Records excerpted from a collection:

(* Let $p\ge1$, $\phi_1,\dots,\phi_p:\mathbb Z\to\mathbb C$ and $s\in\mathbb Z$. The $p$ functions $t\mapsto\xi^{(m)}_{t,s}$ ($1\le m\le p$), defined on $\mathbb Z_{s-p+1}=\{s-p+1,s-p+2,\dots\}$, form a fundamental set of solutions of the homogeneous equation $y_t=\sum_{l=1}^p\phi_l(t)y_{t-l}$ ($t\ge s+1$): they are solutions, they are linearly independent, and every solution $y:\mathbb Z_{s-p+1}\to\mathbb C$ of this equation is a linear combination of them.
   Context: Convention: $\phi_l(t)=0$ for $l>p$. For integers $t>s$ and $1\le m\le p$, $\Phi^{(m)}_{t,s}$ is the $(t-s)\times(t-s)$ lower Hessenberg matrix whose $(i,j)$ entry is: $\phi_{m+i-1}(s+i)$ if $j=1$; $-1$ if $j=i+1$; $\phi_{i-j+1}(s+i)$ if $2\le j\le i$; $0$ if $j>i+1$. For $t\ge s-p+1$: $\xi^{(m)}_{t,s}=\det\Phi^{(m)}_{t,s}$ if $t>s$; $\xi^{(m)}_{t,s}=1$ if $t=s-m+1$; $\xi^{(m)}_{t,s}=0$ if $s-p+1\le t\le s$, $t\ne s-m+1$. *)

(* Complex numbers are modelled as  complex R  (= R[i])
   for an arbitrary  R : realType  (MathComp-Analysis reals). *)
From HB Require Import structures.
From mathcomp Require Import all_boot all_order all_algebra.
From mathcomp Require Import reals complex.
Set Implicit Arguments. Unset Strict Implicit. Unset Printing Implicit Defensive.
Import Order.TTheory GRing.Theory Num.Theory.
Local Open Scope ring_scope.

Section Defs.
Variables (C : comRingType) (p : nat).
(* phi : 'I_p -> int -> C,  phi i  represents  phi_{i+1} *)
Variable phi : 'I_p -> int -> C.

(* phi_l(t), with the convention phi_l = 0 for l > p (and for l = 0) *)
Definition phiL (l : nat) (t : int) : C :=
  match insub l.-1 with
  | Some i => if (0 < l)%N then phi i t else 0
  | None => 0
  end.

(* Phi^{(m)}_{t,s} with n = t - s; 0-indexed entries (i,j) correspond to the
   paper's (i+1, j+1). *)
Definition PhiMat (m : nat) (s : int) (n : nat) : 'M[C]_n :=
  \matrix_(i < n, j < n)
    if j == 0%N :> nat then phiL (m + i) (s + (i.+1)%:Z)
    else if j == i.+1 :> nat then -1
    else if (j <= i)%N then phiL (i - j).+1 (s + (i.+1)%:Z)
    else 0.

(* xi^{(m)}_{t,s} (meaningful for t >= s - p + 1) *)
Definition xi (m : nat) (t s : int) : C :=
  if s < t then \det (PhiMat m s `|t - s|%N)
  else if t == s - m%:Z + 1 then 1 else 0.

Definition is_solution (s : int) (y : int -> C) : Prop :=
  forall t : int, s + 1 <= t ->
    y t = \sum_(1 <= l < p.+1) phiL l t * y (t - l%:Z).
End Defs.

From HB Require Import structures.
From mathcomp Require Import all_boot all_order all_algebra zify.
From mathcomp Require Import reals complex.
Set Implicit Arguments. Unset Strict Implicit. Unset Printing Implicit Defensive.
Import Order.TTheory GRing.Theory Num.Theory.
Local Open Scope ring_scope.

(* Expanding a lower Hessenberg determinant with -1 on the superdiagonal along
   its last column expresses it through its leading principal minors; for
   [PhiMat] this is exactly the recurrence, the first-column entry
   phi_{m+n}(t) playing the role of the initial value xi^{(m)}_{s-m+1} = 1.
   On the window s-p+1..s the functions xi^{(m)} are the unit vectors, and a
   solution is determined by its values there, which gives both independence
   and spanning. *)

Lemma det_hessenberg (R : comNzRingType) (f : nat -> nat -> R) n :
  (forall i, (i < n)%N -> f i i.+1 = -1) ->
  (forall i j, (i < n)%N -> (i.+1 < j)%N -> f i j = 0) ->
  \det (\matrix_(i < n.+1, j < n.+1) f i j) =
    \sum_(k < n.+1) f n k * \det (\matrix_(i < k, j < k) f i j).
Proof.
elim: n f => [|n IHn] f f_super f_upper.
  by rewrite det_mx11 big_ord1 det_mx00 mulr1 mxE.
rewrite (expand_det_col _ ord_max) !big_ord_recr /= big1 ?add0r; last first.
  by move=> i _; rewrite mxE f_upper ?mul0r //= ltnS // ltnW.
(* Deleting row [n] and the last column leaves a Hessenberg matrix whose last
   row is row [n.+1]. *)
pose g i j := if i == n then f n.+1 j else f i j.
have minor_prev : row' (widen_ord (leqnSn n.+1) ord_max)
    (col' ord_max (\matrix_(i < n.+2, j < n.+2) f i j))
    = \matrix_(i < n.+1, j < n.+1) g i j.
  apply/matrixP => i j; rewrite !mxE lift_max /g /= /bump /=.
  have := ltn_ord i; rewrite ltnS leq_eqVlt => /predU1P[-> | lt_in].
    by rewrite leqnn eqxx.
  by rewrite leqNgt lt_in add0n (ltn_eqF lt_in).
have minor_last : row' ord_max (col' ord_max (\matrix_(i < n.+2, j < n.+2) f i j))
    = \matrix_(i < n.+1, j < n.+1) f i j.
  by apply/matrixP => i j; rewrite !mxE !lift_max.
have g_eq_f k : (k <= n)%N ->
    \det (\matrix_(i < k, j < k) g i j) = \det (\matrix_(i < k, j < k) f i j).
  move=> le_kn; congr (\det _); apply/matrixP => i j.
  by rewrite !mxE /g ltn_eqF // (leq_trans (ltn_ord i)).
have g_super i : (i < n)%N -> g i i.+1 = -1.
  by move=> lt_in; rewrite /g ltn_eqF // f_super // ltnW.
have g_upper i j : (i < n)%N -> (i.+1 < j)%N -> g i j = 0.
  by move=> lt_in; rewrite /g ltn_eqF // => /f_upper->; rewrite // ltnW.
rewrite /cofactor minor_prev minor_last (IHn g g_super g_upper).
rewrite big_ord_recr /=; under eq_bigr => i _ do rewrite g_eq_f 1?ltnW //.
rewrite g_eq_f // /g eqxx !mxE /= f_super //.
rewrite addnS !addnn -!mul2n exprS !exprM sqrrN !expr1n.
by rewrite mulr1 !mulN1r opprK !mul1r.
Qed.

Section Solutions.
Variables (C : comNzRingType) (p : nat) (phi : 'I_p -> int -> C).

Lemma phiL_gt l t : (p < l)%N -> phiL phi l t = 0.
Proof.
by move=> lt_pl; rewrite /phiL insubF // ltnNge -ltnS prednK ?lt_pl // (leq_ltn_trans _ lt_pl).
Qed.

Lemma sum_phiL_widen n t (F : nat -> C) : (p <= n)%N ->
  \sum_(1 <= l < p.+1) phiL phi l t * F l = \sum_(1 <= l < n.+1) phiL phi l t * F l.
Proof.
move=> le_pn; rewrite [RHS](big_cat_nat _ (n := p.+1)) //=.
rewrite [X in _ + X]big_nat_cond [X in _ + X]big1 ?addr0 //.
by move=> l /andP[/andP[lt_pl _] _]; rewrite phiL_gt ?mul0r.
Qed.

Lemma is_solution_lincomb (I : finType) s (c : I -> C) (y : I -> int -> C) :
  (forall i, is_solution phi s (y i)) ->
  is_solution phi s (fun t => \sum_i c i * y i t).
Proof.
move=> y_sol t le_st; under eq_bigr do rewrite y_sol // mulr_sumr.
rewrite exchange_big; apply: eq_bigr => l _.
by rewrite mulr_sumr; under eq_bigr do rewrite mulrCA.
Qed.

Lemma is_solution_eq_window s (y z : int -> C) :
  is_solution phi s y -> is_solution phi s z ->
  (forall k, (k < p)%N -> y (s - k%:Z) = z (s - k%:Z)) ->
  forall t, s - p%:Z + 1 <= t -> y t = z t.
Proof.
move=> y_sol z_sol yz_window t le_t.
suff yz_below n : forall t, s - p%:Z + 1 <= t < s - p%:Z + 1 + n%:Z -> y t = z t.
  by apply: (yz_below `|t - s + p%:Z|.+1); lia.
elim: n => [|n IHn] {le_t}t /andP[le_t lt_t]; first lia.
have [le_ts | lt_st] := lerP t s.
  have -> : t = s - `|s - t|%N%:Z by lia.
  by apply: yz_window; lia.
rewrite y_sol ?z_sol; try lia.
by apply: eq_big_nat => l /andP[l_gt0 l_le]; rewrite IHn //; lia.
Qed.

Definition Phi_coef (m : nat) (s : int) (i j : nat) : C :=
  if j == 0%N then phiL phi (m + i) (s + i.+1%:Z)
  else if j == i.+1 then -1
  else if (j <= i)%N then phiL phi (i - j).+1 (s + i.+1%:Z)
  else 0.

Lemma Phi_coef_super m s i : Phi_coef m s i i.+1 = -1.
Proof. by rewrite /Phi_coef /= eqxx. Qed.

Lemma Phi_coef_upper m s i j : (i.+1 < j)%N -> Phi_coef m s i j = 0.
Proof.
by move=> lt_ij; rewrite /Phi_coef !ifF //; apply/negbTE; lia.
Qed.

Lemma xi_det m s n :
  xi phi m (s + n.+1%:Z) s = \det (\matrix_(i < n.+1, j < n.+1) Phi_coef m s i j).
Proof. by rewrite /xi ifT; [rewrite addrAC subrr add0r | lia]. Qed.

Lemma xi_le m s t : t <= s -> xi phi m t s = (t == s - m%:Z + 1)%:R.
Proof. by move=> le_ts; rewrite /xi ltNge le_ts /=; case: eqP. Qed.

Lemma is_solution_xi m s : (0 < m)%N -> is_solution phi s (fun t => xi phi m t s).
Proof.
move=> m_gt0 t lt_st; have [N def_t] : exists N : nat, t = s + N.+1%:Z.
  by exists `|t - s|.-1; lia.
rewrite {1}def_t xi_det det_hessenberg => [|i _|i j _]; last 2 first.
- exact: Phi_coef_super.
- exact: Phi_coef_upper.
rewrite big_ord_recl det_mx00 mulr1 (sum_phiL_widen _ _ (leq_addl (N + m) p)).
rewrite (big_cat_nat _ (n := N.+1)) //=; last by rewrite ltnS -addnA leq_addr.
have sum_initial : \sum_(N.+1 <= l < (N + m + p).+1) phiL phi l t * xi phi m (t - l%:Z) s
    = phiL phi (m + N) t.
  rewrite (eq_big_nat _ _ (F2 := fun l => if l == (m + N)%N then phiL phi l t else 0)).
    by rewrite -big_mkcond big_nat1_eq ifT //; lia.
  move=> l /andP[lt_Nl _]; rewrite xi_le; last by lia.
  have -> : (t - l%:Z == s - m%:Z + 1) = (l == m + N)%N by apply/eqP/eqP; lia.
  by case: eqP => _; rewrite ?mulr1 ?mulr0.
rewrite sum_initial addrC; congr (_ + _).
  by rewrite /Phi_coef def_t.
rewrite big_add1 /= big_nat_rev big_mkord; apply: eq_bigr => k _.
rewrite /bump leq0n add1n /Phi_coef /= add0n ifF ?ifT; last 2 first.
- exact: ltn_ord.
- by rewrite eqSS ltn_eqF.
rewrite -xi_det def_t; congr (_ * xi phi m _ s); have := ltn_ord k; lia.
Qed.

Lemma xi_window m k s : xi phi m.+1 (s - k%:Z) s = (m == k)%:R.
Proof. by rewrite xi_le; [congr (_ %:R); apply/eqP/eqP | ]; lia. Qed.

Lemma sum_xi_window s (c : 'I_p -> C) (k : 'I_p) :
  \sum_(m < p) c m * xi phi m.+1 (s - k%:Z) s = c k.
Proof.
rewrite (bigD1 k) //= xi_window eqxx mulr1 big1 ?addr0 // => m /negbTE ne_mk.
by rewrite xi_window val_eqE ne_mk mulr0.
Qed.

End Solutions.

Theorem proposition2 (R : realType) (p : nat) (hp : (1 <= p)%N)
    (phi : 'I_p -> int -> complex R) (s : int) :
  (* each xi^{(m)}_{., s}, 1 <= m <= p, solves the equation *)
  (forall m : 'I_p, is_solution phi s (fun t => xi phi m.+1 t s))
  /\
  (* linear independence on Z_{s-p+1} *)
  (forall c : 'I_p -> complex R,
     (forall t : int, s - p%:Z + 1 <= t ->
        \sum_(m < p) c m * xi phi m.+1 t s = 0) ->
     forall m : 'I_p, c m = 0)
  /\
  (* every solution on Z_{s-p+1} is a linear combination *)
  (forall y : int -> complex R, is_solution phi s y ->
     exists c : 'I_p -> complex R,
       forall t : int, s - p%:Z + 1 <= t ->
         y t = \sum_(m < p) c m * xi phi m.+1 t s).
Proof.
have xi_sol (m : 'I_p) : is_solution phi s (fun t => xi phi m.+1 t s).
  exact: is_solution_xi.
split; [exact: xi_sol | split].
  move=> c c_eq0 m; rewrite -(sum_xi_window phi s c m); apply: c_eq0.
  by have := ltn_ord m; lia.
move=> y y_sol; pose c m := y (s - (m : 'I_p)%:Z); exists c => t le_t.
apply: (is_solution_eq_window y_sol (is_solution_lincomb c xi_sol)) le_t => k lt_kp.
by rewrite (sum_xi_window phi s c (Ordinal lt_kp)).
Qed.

Work to be completed:
Above are the entries. Copy exactly the part that opens with the line containing "by rewrite !mxE" and closes with the line containing "Lemma sum_phiL_widen n", and no more.

Task output:
  by rewrite !mxE /g ltn_eqF // (leq_trans (ltn_ord i)).
have g_super i : (i < n)%N -> g i i.+1 = -1.
  by move=> lt_in; rewrite /g ltn_eqF // f_super // ltnW.
have g_upper i j : (i < n)%N -> (i.+1 < j)%N -> g i j = 0.
  by move=> lt_in; rewrite /g ltn_eqF // => /f_upper->; rewrite // ltnW.
rewrite /cofactor minor_prev minor_last (IHn g g_super g_upper).
rewrite big_ord_recr /=; under eq_bigr => i _ do rewrite g_eq_f 1?ltnW //.
rewrite g_eq_f // /g eqxx !mxE /= f_super //.
rewrite addnS !addnn -!mul2n exprS !exprM sqrrN !expr1n.
by rewrite mulr1 !mulN1r opprK !mul1r.
Qed.

Section Solutions.
Variables (C : comNzRingType) (p : nat) (phi : 'I_p -> int -> C).

Lemma phiL_gt l t : (p < l)%N -> phiL phi l t = 0.
Proof.
by move=> lt_pl; rewrite /phiL insubF // ltnNge -ltnS prednK ?lt_pl // (leq_ltn_trans _ lt_pl).
Qed.

Lemma sum_phiL_widen n t (F : nat -> C) : (p <= n)%N ->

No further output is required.